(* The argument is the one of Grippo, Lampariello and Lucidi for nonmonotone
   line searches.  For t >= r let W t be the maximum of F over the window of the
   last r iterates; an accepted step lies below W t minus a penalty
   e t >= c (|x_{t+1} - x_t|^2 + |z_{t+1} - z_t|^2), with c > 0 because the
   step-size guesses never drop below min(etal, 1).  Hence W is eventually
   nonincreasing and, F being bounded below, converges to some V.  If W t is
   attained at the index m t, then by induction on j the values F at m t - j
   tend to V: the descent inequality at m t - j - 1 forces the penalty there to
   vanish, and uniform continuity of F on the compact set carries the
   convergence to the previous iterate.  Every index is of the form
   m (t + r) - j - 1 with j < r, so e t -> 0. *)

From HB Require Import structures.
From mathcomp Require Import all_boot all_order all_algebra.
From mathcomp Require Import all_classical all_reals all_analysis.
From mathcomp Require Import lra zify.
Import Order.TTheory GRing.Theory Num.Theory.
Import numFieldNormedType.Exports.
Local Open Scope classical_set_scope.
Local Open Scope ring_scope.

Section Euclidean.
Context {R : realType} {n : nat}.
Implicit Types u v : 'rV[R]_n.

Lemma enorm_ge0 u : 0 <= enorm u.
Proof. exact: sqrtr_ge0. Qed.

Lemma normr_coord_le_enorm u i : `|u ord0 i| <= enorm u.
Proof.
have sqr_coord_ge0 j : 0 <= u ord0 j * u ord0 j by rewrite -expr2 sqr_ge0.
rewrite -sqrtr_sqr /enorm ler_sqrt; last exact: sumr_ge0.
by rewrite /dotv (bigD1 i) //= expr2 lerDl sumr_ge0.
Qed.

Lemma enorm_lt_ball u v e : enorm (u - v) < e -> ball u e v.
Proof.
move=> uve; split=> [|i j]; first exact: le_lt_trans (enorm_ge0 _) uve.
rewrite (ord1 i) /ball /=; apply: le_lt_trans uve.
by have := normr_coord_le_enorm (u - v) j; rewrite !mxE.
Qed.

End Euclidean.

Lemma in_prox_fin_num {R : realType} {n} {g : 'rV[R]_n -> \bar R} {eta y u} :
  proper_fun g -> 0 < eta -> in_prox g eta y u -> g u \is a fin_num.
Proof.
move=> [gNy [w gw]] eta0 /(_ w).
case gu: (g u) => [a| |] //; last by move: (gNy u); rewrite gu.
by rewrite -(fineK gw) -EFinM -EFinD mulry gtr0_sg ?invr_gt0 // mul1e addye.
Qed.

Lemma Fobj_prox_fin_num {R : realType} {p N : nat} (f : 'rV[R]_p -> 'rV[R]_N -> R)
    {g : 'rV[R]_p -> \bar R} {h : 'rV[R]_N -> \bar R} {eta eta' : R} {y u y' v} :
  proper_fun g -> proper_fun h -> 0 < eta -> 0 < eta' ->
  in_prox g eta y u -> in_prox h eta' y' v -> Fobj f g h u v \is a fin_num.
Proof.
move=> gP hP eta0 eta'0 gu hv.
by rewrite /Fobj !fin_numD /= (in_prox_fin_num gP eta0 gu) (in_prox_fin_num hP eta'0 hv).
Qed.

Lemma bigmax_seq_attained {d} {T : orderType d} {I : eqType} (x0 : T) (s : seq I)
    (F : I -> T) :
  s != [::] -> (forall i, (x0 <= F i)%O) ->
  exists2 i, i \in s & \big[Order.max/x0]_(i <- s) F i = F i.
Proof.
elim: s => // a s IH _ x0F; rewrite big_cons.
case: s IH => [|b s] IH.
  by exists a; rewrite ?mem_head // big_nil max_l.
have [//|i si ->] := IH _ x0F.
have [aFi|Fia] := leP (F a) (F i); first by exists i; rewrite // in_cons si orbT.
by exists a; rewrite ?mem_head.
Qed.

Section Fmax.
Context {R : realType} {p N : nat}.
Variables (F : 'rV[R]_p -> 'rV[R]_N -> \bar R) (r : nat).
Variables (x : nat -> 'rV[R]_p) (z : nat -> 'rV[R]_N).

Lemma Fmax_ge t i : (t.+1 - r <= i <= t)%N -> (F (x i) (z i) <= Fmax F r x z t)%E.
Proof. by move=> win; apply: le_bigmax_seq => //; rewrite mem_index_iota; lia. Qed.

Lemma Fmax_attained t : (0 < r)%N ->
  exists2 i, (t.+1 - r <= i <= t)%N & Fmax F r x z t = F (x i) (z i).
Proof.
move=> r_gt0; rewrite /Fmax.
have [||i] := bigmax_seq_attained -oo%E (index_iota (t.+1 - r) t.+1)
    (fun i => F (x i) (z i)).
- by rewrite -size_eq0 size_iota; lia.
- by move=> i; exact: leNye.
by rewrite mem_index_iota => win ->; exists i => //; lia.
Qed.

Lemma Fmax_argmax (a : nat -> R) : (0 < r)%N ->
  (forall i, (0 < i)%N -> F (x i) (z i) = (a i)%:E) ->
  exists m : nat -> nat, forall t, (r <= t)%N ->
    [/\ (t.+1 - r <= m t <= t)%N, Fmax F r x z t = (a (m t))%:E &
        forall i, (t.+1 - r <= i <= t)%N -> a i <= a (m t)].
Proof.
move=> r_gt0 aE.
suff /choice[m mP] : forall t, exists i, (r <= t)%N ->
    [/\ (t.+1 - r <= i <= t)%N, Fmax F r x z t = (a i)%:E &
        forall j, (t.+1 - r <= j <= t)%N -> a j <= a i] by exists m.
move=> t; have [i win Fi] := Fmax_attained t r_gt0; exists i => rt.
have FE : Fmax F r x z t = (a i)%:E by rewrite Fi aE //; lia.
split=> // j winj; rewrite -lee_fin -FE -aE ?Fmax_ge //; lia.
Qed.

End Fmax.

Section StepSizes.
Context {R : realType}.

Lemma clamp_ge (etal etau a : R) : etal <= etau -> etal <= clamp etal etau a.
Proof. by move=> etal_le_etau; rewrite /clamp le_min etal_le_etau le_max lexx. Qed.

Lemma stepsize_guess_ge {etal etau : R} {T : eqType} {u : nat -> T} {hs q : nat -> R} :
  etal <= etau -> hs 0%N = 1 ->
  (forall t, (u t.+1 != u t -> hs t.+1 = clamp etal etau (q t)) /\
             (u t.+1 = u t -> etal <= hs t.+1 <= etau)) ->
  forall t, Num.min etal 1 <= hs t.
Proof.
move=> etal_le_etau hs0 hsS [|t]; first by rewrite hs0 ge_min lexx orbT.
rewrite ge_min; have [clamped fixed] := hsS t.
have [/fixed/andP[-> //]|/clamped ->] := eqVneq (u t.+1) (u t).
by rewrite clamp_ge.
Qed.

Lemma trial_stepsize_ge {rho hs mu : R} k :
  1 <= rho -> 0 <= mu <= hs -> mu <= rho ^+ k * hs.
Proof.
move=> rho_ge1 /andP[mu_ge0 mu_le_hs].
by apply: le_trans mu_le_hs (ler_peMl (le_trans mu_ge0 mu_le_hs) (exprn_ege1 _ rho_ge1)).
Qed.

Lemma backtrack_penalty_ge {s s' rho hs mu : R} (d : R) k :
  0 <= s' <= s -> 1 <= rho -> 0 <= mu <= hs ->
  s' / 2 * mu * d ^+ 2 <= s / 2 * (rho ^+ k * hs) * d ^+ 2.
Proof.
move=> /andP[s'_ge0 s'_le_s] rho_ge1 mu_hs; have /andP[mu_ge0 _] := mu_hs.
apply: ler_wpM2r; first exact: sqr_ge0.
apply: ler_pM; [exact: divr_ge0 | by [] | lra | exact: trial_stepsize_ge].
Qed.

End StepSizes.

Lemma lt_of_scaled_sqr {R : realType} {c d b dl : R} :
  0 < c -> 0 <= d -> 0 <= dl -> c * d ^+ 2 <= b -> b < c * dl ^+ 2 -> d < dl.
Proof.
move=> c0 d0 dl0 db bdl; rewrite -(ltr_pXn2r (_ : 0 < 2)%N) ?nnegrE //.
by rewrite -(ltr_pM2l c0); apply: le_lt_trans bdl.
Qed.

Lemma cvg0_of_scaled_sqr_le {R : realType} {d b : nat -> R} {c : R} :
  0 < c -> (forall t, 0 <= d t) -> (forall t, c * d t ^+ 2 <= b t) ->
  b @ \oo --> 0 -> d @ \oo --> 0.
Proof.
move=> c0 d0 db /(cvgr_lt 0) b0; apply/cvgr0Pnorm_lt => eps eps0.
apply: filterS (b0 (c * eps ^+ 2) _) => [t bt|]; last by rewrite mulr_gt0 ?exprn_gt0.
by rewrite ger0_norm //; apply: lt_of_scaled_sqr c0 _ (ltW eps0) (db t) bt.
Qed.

**Description of the task:** A reply should hold exactly the lines from the one containing "move=> /andP[s'_ge0 s'_le_s]" through the end of the data above, nothing more.

**Response area:**
move=> /andP[s'_ge0 s'_le_s] rho_ge1 mu_hs; have /andP[mu_ge0 _] := mu_hs.
apply: ler_wpM2r; first exact: sqr_ge0.
apply: ler_pM; [exact: divr_ge0 | by [] | lra | exact: trial_stepsize_ge].
Qed.

End StepSizes.

Lemma lt_of_scaled_sqr {R : realType} {c d b dl : R} :
  0 < c -> 0 <= d -> 0 <= dl -> c * d ^+ 2 <= b -> b < c * dl ^+ 2 -> d < dl.
Proof.
move=> c0 d0 dl0 db bdl; rewrite -(ltr_pXn2r (_ : 0 < 2)%N) ?nnegrE //.
by rewrite -(ltr_pM2l c0); apply: le_lt_trans bdl.
Qed.

Lemma cvg0_of_scaled_sqr_le {R : realType} {d b : nat -> R} {c : R} :
  0 < c -> (forall t, 0 <= d t) -> (forall t, c * d t ^+ 2 <= b t) ->
  b @ \oo --> 0 -> d @ \oo --> 0.
Proof.
move=> c0 d0 db /(cvgr_lt 0) b0; apply/cvgr0Pnorm_lt => eps eps0.
apply: filterS (b0 (c * eps ^+ 2) _) => [t bt|]; last by rewrite mulr_gt0 ?exprn_gt0.
by rewrite ger0_norm //; apply: lt_of_scaled_sqr c0 _ (ltW eps0) (db t) bt.
Qed.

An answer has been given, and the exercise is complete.